Кто может быть более изолирован теперь, чем человек, который еще верит всем сердцем в то, чего они когда-то страстно желали?» И вот Колин, который работал в партии лейбористов и «новых левых», почти решил вступить в коммунистическую партию, в чем признается сам Колин, который так убежденно говорил: «Мы должны пробовать»,- хочет теперь оставить всякую борьбу и прекратить всякие действия, став «частным человеком» («private man»).
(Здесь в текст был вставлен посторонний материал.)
(* Let $\varphi$ be a quantifier-free formula in the SMT theory of floating-point numbers and $\mathit{cost}$ a floating-point variable occurring in $\varphi$, of sort with $e$ exponent bits and $s$ significand bits (including the hidden bit), so that $\mathit{cost}$ is a vector of $n=e+s$ bits. Let $\varphi_{\mathrm{noNaN}}:=\varphi\wedge\neg\mathrm{isNaN}(\mathit{cost})$ be satisfiable, and consider the minimization (resp. maximization) of $\mathit{cost}$ subject to $\varphi_{\mathrm{noNaN}}$. Let $k\in[0..n-1]$, let $\tau_k$ be an assignment to $\mathit{cost}[0],\dots,\mathit{cost}[k-1]$, and let $d$ be the dynamic attractor for $\mathit{cost}$ with respect to $\tau_k$. Let $\tau_{k+1}:=\tau_k\cup\{\mathit{cost}[k]:=d[k]\}$ and $\tau'_{k+1}:=\tau_k\cup\{\mathit{cost}[k]:=\overline{d[k]}\}$, and let $\mathcal{M},\mathcal{M}'$ be models of $\varphi_{\mathrm{noNaN}}$ extending $\tau_{k+1}$ and $\tau'_{k+1}$ respectively. Then $\mathcal{M}(\mathit{cost})\le\mathcal{M}'(\mathit{cost})$ (resp. $\mathcal{M}(\mathit{cost})\ge\mathcal{M}'(\mathit{cost})$).
   Context: Bits are indexed from the most significant bit $\mathit{cost}[0]$ to the least significant $\mathit{cost}[n-1]$; $\mathit{cost}[0]$ is the sign bit $\sigma$, $\mathit{cost}[1..e]$ is the exponent $E$ (read as an unsigned integer) and $\mathit{cost}[e+1..n-1]$ is the stored significand $m$ of $s-1$ bits. With bias $b=2^{e-1}-1$, IEEE 754-2008 semantics: if $E$ is all ones and $m=0$ the value is $+\infty$ or $-\infty$ according to $\sigma$; if $E$ is all ones and $m\ne0$ the value is NaN; if $E=0$ the value is the subnormal $(-1)^\sigma 2^{1-b}(0.m)_2$; otherwise it is the normal $(-1)^\sigma 2^{E-b}(1.m)_2$. The order $\le$ is the usual total order on non-NaN floating-point values (real order extended by $\pm\infty$, with $+0$ and $-0$ equal). The dynamic attractor for $\mathit{cost}$ with respect to an assignment $\tau_k$ to its $k$ most significant bits is the smallest (resp., when maximizing, largest) floating-point value different from NaN whose $k$ most significant bits coincide with those assigned by $\tau_k$; $d[k]$ denotes its $k$-th bit and $\overline{d[k]}$ the complement bit. *)

From mathcomp Require Import all_boot all_order all_algebra.

Import Order.TTheory GRing.Theory Num.Theory.
Local Open Scope ring_scope.

Definition bits_to_nat (x : seq bool) : nat :=
  foldl (fun acc (b : bool) => (acc.*2 + b)%N) 0%N x.

(* floating-point values: finite rationals (both zeros are 0), signed infinities, NaN.
   FPinf true = -oo, FPinf false = +oo *)
Inductive fpval := FPfin of rat | FPinf of bool | FPnan.

(* Decoding of a bit vector x = cost[0..n-1], n = e + s:
   x[0] sign, x[1..e] exponent E, x[e+1..n-1] stored significand m (s-1 bits). *)
Definition fp_value (e s : nat) (x : seq bool) : fpval :=
  let sg := nth false x 0 in
  let E := bits_to_nat (take e (drop 1 x)) in
  let m := bits_to_nat (drop e.+1 x) in
  let b : int := (2 ^ e.-1)%:Z - 1 in
  let sgn : rat := (-1) ^+ sg in
  let frac : rat := m%:R / (2 ^ s.-1)%:R in
  if E == (2 ^ e).-1 then (if m == 0%N then FPinf sg else FPnan)
  else if E == 0%N then FPfin (sgn * ((2%:R : rat) ^ (1 - b)) * frac)
  else FPfin (sgn * ((2%:R : rat) ^ (E%:Z - b)) * (1 + frac)).

Definition is_nan (v : fpval) : bool := if v is FPnan then true else false.

Definition fp_le (u v : fpval) : bool :=
  match u, v with
  | FPnan, _ | _, FPnan => false
  | FPinf true, _ => true
  | _, FPinf false => true
  | FPinf false, _ => false
  | _, FPinf true => false
  | FPfin a, FPfin b => a <= b
  end.

Definition fp_better (maximize : bool) (u v : fpval) : bool :=
  if maximize then fp_le v u else fp_le u v.

Definition agrees_prefix (x : seq bool) (tau : seq bool) : Prop :=
  take (size tau) x = tau.

Definition is_dyn_attractor (e s : nat) (maximize : bool) (tau : seq bool)
    (d : (e + s).-tuple bool) : Prop :=
  [/\ ~~ is_nan (fp_value e s d), agrees_prefix d tau &
      forall y : (e + s).-tuple bool, ~~ is_nan (fp_value e s y) ->
        agrees_prefix y tau -> fp_better maximize (fp_value e s d) (fp_value e s y)].

From mathcomp Require Import all_boot all_order all_algebra.
From mathcomp Require Import zify ring.
Import Order.TTheory GRing.Theory Num.Theory.

(* A non-NaN bit vector x denotes the same value as its integer key
   (-1)^x[0] * N(x), where N(x) reads bits 1..n-1 (exponent, then significand)
   as an unsigned integer: the magnitude of a float is a strictly increasing
   function of N, the infinities have the largest admissible N and both zeros
   have key 0. So the floating-point order is the integer order on keys.
   Once the sign is fixed (k > 0), N is compared lexicographically, so bit k
   splits the non-NaN vectors extending tau_k into two blocks, one strictly
   below the other. Being optimal, the attractor lies in the better block, and
   every model following d[k] beats every model that does not. For k = 0 the
   attractor is -oo (+oo when maximizing), so d[0] is the sign all of whose
   values lie on the better side of 0. *)

Lemma foldl_bits_to_nat a q :
  foldl (fun acc (b : bool) => acc.*2 + b) a q = a * 2 ^ size q + bits_to_nat q.
Proof.
elim: q a => [|b q IHq] a; first by rewrite muln1 addn0.
by rewrite /bits_to_nat /= !IHq expnS; case: b => /=; lia.
Qed.

Lemma bits_to_nat_cat p q :
  bits_to_nat (p ++ q) = bits_to_nat p * 2 ^ size q + bits_to_nat q.
Proof. by rewrite {1}/bits_to_nat foldl_cat foldl_bits_to_nat. Qed.

Lemma bits_to_nat_cons b q : bits_to_nat (b :: q) = b * 2 ^ size q + bits_to_nat q.
Proof. exact: (bits_to_nat_cat [:: b]). Qed.

Lemma bits_to_nat_lt q : bits_to_nat q < 2 ^ size q.
Proof. by elim: q => [|b q IHq] //; rewrite bits_to_nat_cons /= expnS; case: b; lia. Qed.

Lemma bits_to_nat_nseq b n : bits_to_nat (nseq n b) = if b then (2 ^ n).-1 else 0.
Proof.
elim: n => [|n IHn]; first by case: b.
rewrite bits_to_nat_cons size_nseq IHn expnS; have := expn_gt0 2 n; case: (b); lia.
Qed.

Lemma bits_to_nat_lex u v j : size u = size v -> j < size u -> take j u = take j v ->
  nth false u j = false -> nth false v j = true -> bits_to_nat u < bits_to_nat v.
Proof.
move=> suv ju tuv uj vj.
rewrite -(cat_take_drop j u) -(cat_take_drop j v) tuv !bits_to_nat_cat !size_drop suv.
rewrite ltn_add2l (drop_nth false ju) (drop_nth false (n := j)) -?suv //.
rewrite uj vj !bits_to_nat_cons mul0n mul1n add0n.
by have := bits_to_nat_lt (drop j.+1 u); rewrite !size_drop suv; lia.
Qed.

Definition fp_mag (x : seq bool) : nat := bits_to_nat (drop 1 x).

Definition fp_key (x : seq bool) : int := (-1) ^+ nth false x 0 * (fp_mag x)%:Z.

Section FloatingPointKey.

Variables e s : nat.
Hypotheses (e_gt0 : 0 < e) (s_gt0 : 0 < s).

Local Notation P := (2 ^ s.-1).

(* The magnitude of a finite value in units of the least subnormal [fp_ulp]:
   [m] for a subnormal, [2^(E-1) * (2^(s-1) + m)] for a normal. *)
Definition fp_units (n : nat) : nat :=
  if n %/ P == 0 then n else 2 ^ (n %/ P).-1 * (P + n %% P).

Definition fp_signed_units (z : int) : int :=
  match z with Posz n => fp_units n | Negz n => - (fp_units n.+1)%:Z end.

Definition fp_ulp : rat := (2%:R : rat) ^ (1 - ((2 ^ e.-1)%:Z - 1)) / P%:R.

Definition fp_inf_mag : nat := (2 ^ e).-1 * P.

Definition fp_of_key (z : int) : fpval :=
  if `|z| < fp_inf_mag then FPfin (fp_ulp * (fp_signed_units z)%:~R)
  else if `|z|%N == fp_inf_mag then FPinf (z < 0)%R else FPnan.

Lemma fp_units_lt_pow n : fp_units n < 2 ^ (n %/ P) * P.
Proof.
have P_gt0 : 0 < P by rewrite expn_gt0.
rewrite /fp_units; case: eqP => [E0|/eqP E0].
  by rewrite E0 expn0 -(ltn_divLR _ _ P_gt0) E0.
have E_gt0 : 0 < n %/ P by rewrite lt0n.
rewrite -{2}(prednK E_gt0) expnS (mulnC 2) -mulnA ltn_pmul2l ?expn_gt0 //.
by have := ltn_pmod n P_gt0; lia.
Qed.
Кризис сопровождается бурным смятением чувств, болью и гневом: «Во мне столько отчаяния и безнадежности, как ни в одном человеке». Конец Колина грустен и символичен: он погибает, словно распятый, у берлинской стены, расстрелянный одновременно патрулями обеих сторон,-он погибает, так сказать, на географической границе двух обществ, попытавшись оказаться вне борьбы, вне социальных схваток и идеологических битв. Скорбит ли о нем драматург? Безусловно. Но и осуждает также, беспощадно, решительно, ибо призыв, звучащий в трилогии,- это призыв к действию вопреки пассивности, к деятельности в противовес общественной апатии и равнодушию.
Вторая поправка Мерсера к пьесам его предшественников выражена в основном тезисе трилогии: пока люди будут только размышлять, а не действовать, они не добьются ничего. Но в драматический конфликт с этим верным тезисом автора вступает неожиданно сам главный молодой герой — Колин, возбуждающий у его создателя весьма противоречивые чувства.
Правда, состав семьи постепенно меняется. Сначала автору необходимо лишь два поколения: деды, представители рабочего класса, зачинатели социалистического движения в Англии, и их дети, ставшие интеллигентами, оторвавшиеся от класса отцов, предавшие идеалы социализма. Затем насущно важным становится появление третьего поколения — внуков, тех, кому к началу 60-х годов исполнилось восемнадцать — двадцать лет. Это — то же поколение, которое приметил Осборн в «Неприемлемых показаниях», в лица которых заглянул с удивлением и известным недоверием. Постепенно Мерсер сосредоточивает все свое внимание на представителях этого поколения. Пьесы написаны почти в той же строгой повествовательной, почти документальной манере, что и ранние драмы Уэскера.